START DATA LISTING
Lemma sqn_gt0 m (v : 'cV[R]_m) : (0 < sqn v) = (v != 0).
Proof. by rewrite lt_def sqn_eq0 sqn_ge0 andbT. Qed.

Lemma sqnZ m a (v : 'cV[R]_m) : sqn (a *: v) = a ^+ 2 * sqn v.
Proof. by rewrite /sqn dotvZl dotvZr mulrA expr2. Qed.

Lemma sqnD m (u v : 'cV[R]_m) : sqn (u + v) = sqn u + 2 * dotv u v + sqn v.
Proof. by rewrite /sqn dotvDl !dotvDr (dotvC v u); ring. Qed.

Lemma entry_sqr_le_sqn m (v : 'cV[R]_m) i : v i 0 ^+ 2 <= sqn v.
Proof.
rewrite /sqn dotvE (bigD1 i) //= -expr2 lerDl sumr_ge0 // => j _.
by rewrite -expr2 sqr_ge0.
Qed.

Lemma dotv_le_sqn m (u v : 'cV[R]_m) c : 0 < c ->
  2 * dotv u v <= c * sqn u + c^-1 * sqn v.
Proof.
move=> c0; have := sqn_ge0 (c *: u - v).
rewrite sqnD sqnZ dotvNr dotvZl (_ : sqn (- v) = sqn v); last first.
  by rewrite /sqn dotvNl dotvNr opprK.
move=> h; rewrite -subr_ge0 -(pmulr_rge0 _ c0).
have -> : c * (c * sqn u + c^-1 * sqn v - 2 * dotv u v)
          = c ^+ 2 * sqn u + 2 * - (c * dotv u v) + sqn v.
  by field; rewrite gt_eqF.
exact: h.
Qed.

End InnerProduct.

Section SpectralNorm.
Variable R : realType.
Implicit Types (m k : nat).

Lemma enorm_ge0 m (v : 'cV[R]_m) : 0 <= enorm v.
Proof. exact: sqrtr_ge0. Qed.

Lemma enorm0 m : enorm (0 : 'cV[R]_m) = 0.
Proof. by rewrite /enorm /sqn dotv0l sqrtr0. Qed.

Lemma enorm_sqr m (v : 'cV[R]_m) : enorm v ^+ 2 = sqn v.
Proof. by rewrite sqr_sqrtr // sqn_ge0. Qed.

Lemma enormZ m (a : R) (v : 'cV[R]_m) : enorm (a *: v) = `|a| * enorm v.
Proof. by rewrite /enorm sqnZ sqrtrM ?sqr_ge0 // sqrtr_sqr. Qed.

Lemma specnorm_has_sup k m (A : 'M[R]_(k, m)) :
  has_sup [set enorm (A *m v) | v in [set v : 'cV[R]_m | enorm v <= 1]].
Proof.
split; first by exists (enorm (A *m 0)), 0; rewrite //= enorm0.
pose c i := \sum_j `|A i j|.
exists (Num.sqrt (\sum_i c i ^+ 2)) => _ [v /= v1 <-].
rewrite /enorm ler_sqrt; last by rewrite sumr_ge0 // => i _; rewrite sqr_ge0.
have v_le1 j : `|v j 0| <= 1.
  rewrite -(@expr_le1 _ 2) // real_normK ?num_real //.
  by rewrite (le_trans (entry_sqr_le_sqn v j)) // -enorm_sqr expr_le1 ?enorm_ge0.
rewrite /sqn dotvE; apply: ler_sum => i _.
rewrite -expr2 -[X in X <= _]real_normK ?num_real // ler_sqr ?nnegrE ?sumr_ge0 //.
rewrite mxE (le_trans (ler_norm_sum _ _ _)) //; apply: ler_sum => j _.
by rewrite normrM -[X in _ <= X]mulr1 ler_wpM2l.
Qed.

Lemma specnorm_ge0 k m (A : 'M[R]_(k, m)) : 0 <= specnorm A.
Proof.
apply: le_trans (sup_upper_bound (specnorm_has_sup A) _); last first.
  by exists 0; rewrite //= enorm0 ler01.
exact: enorm_ge0.
Qed.

Lemma enorm_mulmx_le k m (A : 'M[R]_(k, m)) u :
  enorm (A *m u) <= specnorm A * enorm u.
Proof.
have [->|u0] := eqVneq u 0.
  by rewrite mulmx0 enorm0 mulr_ge0 ?specnorm_ge0 ?enorm_ge0.
have e0 : 0 < enorm u by rewrite sqrtr_gt0 sqn_gt0.
have unit_ball : enorm ((enorm u)^-1 *: u) <= 1.
  by rewrite enormZ ger0_norm ?invr_ge0 ?enorm_ge0 // mulVf // gt_eqF.
have := sup_upper_bound (specnorm_has_sup A)
  (ex_intro2 _ _ ((enorm u)^-1 *: u) unit_ball erefl).
rewrite -scalemxAr enormZ ger0_norm ?invr_ge0 ?enorm_ge0 //.
by rewrite ler_pdivrMl // mulrC.
Qed.

Lemma sqn_mulmx_le k m (A : 'M[R]_(k, m)) u :
  sqn (A *m u) <= specnorm A ^+ 2 * sqn u.
Proof.
rewrite -!enorm_sqr -exprMn ler_sqr ?nnegrE ?enorm_ge0 ?enorm_mulmx_le //.
by rewrite mulr_ge0 ?specnorm_ge0 ?enorm_ge0.
Qed.

Lemma sqn_trmx_mulmx_le k m (A : 'M[R]_(k, m)) b :
  sqn (A^T *m b) <= specnorm A ^+ 2 * sqn b.
Proof.
set u := A^T *m b; set S := specnorm A ^+ 2.
have uE : sqn u = dotv b (A *m u) by rewrite dotv_mulmxr.
have Au_le := sqn_mulmx_le A u; rewrite -/S in Au_le.
have [S0|S0] := eqVneq S 0.
  have /eqP Au0 : A *m u == 0.
    by rewrite -sqn_eq0 eq_le sqn_ge0 andbT (le_trans Au_le) // S0 mul0r.
  by rewrite uE Au0 /dotv mulmx0 mxE S0 mul0r.
have S_gt0 : 0 < S by rewrite lt_def S0 sqr_ge0.
have := dotv_le_sqn b (A *m u) S_gt0; rewrite -uE.
have : S^-1 * sqn (A *m u) <= sqn u by rewrite ler_pdivrMl // mulrC.
lra.
Qed.

End SpectralNorm.

Section PositiveDefinite.
Variable R : realType.
Implicit Types (m k : nat) (c : R).

Lemma qform_block_diag m1 m2 (A : 'M[R]_m1) (B : 'M[R]_m2) a b :
  qform (block_mx A 0 0 B) (col_mx a b) = qform A a + qform B b.
Proof.
rewrite /qform tr_col_mx mul_row_block !mulmx0 addr0 add0r mul_row_col.
by rewrite mxE.
Qed.

Lemma qform0 m (A : 'M[R]_m) : qform A 0 = 0.
Proof. by rewrite /qform mulmx0 mxE. Qed.

Lemma qform_scalar m c (a : 'cV[R]_m) : qform c%:M a = c * sqn a.
Proof. by rewrite /qform mul_mx_scalar -scalemxAl mxE. Qed.

Lemma qformB m (A B : 'M[R]_m) a : qform (A - B) a = qform A a - qform B a.
Proof. by rewrite /qform mulmxBr mulmxBl !mxE. Qed.

Lemma qformZ m c (A : 'M[R]_m) a : qform (c *: A) a = c * qform A a.
Proof. by rewrite /qform -scalemxAr -scalemxAl mxE. Qed.

Lemma qform_gram k m (D : 'M[R]_(k, m)) b : qform (D *m D^T) b = sqn (D^T *m b).
Proof. by rewrite /qform /sqn /dotv trmx_mul trmxK !mulmxA. Qed.

Lemma posdef_qform_ge0 m (A : 'M[R]_m) v : posdef A -> 0 <= qform A v.
Proof.
case=> _ Apos; have [->|v0] := eqVneq v 0; last exact/ltW/Apos.
by rewrite qform0.
Qed.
END DATA LISTING
Copy each record from above exactly, and include every line.

_FINISHED EXERCISE_
Lemma sqn_gt0 m (v : 'cV[R]_m) : (0 < sqn v) = (v != 0).
Proof. by rewrite lt_def sqn_eq0 sqn_ge0 andbT. Qed.

Lemma sqnZ m a (v : 'cV[R]_m) : sqn (a *: v) = a ^+ 2 * sqn v.
Proof. by rewrite /sqn dotvZl dotvZr mulrA expr2. Qed.

Lemma sqnD m (u v : 'cV[R]_m) : sqn (u + v) = sqn u + 2 * dotv u v + sqn v.
Proof. by rewrite /sqn dotvDl !dotvDr (dotvC v u); ring. Qed.

Lemma entry_sqr_le_sqn m (v : 'cV[R]_m) i : v i 0 ^+ 2 <= sqn v.
Proof.
rewrite /sqn dotvE (bigD1 i) //= -expr2 lerDl sumr_ge0 // => j _.
by rewrite -expr2 sqr_ge0.
Qed.

Lemma dotv_le_sqn m (u v : 'cV[R]_m) c : 0 < c ->
  2 * dotv u v <= c * sqn u + c^-1 * sqn v.
Proof.
move=> c0; have := sqn_ge0 (c *: u - v).
rewrite sqnD sqnZ dotvNr dotvZl (_ : sqn (- v) = sqn v); last first.
  by rewrite /sqn dotvNl dotvNr opprK.
move=> h; rewrite -subr_ge0 -(pmulr_rge0 _ c0).
have -> : c * (c * sqn u + c^-1 * sqn v - 2 * dotv u v)
          = c ^+ 2 * sqn u + 2 * - (c * dotv u v) + sqn v.
  by field; rewrite gt_eqF.
exact: h.
Qed.

End InnerProduct.

Section SpectralNorm.
Variable R : realType.
Implicit Types (m k : nat).

Lemma enorm_ge0 m (v : 'cV[R]_m) : 0 <= enorm v.
Proof. exact: sqrtr_ge0. Qed.

Lemma enorm0 m : enorm (0 : 'cV[R]_m) = 0.
Proof. by rewrite /enorm /sqn dotv0l sqrtr0. Qed.

Lemma enorm_sqr m (v : 'cV[R]_m) : enorm v ^+ 2 = sqn v.
Proof. by rewrite sqr_sqrtr // sqn_ge0. Qed.

Lemma enormZ m (a : R) (v : 'cV[R]_m) : enorm (a *: v) = `|a| * enorm v.
Proof. by rewrite /enorm sqnZ sqrtrM ?sqr_ge0 // sqrtr_sqr. Qed.

Lemma specnorm_has_sup k m (A : 'M[R]_(k, m)) :
  has_sup [set enorm (A *m v) | v in [set v : 'cV[R]_m | enorm v <= 1]].
Proof.
split; first by exists (enorm (A *m 0)), 0; rewrite //= enorm0.
pose c i := \sum_j `|A i j|.
exists (Num.sqrt (\sum_i c i ^+ 2)) => _ [v /= v1 <-].
rewrite /enorm ler_sqrt; last by rewrite sumr_ge0 // => i _; rewrite sqr_ge0.
have v_le1 j : `|v j 0| <= 1.
  rewrite -(@expr_le1 _ 2) // real_normK ?num_real //.
  by rewrite (le_trans (entry_sqr_le_sqn v j)) // -enorm_sqr expr_le1 ?enorm_ge0.
rewrite /sqn dotvE; apply: ler_sum => i _.
rewrite -expr2 -[X in X <= _]real_normK ?num_real // ler_sqr ?nnegrE ?sumr_ge0 //.
rewrite mxE (le_trans (ler_norm_sum _ _ _)) //; apply: ler_sum => j _.
by rewrite normrM -[X in _ <= X]mulr1 ler_wpM2l.
Qed.

Lemma specnorm_ge0 k m (A : 'M[R]_(k, m)) : 0 <= specnorm A.
Proof.
apply: le_trans (sup_upper_bound (specnorm_has_sup A) _); last first.
  by exists 0; rewrite //= enorm0 ler01.
exact: enorm_ge0.
Qed.

Lemma enorm_mulmx_le k m (A : 'M[R]_(k, m)) u :
  enorm (A *m u) <= specnorm A * enorm u.
Proof.
have [->|u0] := eqVneq u 0.
  by rewrite mulmx0 enorm0 mulr_ge0 ?specnorm_ge0 ?enorm_ge0.
have e0 : 0 < enorm u by rewrite sqrtr_gt0 sqn_gt0.
have unit_ball : enorm ((enorm u)^-1 *: u) <= 1.
  by rewrite enormZ ger0_norm ?invr_ge0 ?enorm_ge0 // mulVf // gt_eqF.
have := sup_upper_bound (specnorm_has_sup A)
  (ex_intro2 _ _ ((enorm u)^-1 *: u) unit_ball erefl).
rewrite -scalemxAr enormZ ger0_norm ?invr_ge0 ?enorm_ge0 //.
by rewrite ler_pdivrMl // mulrC.
Qed.

Lemma sqn_mulmx_le k m (A : 'M[R]_(k, m)) u :
  sqn (A *m u) <= specnorm A ^+ 2 * sqn u.
Proof.
rewrite -!enorm_sqr -exprMn ler_sqr ?nnegrE ?enorm_ge0 ?enorm_mulmx_le //.
by rewrite mulr_ge0 ?specnorm_ge0 ?enorm_ge0.
Qed.

Lemma sqn_trmx_mulmx_le k m (A : 'M[R]_(k, m)) b :
  sqn (A^T *m b) <= specnorm A ^+ 2 * sqn b.
Proof.
set u := A^T *m b; set S := specnorm A ^+ 2.
have uE : sqn u = dotv b (A *m u) by rewrite dotv_mulmxr.
have Au_le := sqn_mulmx_le A u; rewrite -/S in Au_le.
have [S0|S0] := eqVneq S 0.
  have /eqP Au0 : A *m u == 0.
    by rewrite -sqn_eq0 eq_le sqn_ge0 andbT (le_trans Au_le) // S0 mul0r.
  by rewrite uE Au0 /dotv mulmx0 mxE S0 mul0r.
have S_gt0 : 0 < S by rewrite lt_def S0 sqr_ge0.
have := dotv_le_sqn b (A *m u) S_gt0; rewrite -uE.
have : S^-1 * sqn (A *m u) <= sqn u by rewrite ler_pdivrMl // mulrC.
lra.
Qed.

End SpectralNorm.

Section PositiveDefinite.
Variable R : realType.
Implicit Types (m k : nat) (c : R).

Lemma qform_block_diag m1 m2 (A : 'M[R]_m1) (B : 'M[R]_m2) a b :
  qform (block_mx A 0 0 B) (col_mx a b) = qform A a + qform B b.
Proof.
rewrite /qform tr_col_mx mul_row_block !mulmx0 addr0 add0r mul_row_col.
by rewrite mxE.
Qed.

Lemma qform0 m (A : 'M[R]_m) : qform A 0 = 0.
Proof. by rewrite /qform mulmx0 mxE. Qed.

Lemma qform_scalar m c (a : 'cV[R]_m) : qform c%:M a = c * sqn a.
Proof. by rewrite /qform mul_mx_scalar -scalemxAl mxE. Qed.

Lemma qformB m (A B : 'M[R]_m) a : qform (A - B) a = qform A a - qform B a.
Proof. by rewrite /qform mulmxBr mulmxBl !mxE. Qed.

Lemma qformZ m c (A : 'M[R]_m) a : qform (c *: A) a = c * qform A a.
Proof. by rewrite /qform -scalemxAr -scalemxAl mxE. Qed.

Lemma qform_gram k m (D : 'M[R]_(k, m)) b : qform (D *m D^T) b = sqn (D^T *m b).
Proof. by rewrite /qform /sqn /dotv trmx_mul trmxK !mulmxA. Qed.

Lemma posdef_qform_ge0 m (A : 'M[R]_m) v : posdef A -> 0 <= qform A v.
Proof.
case=> _ Apos; have [->|v0] := eqVneq v 0; last exact/ltW/Apos.
by rewrite qform0.
Qed.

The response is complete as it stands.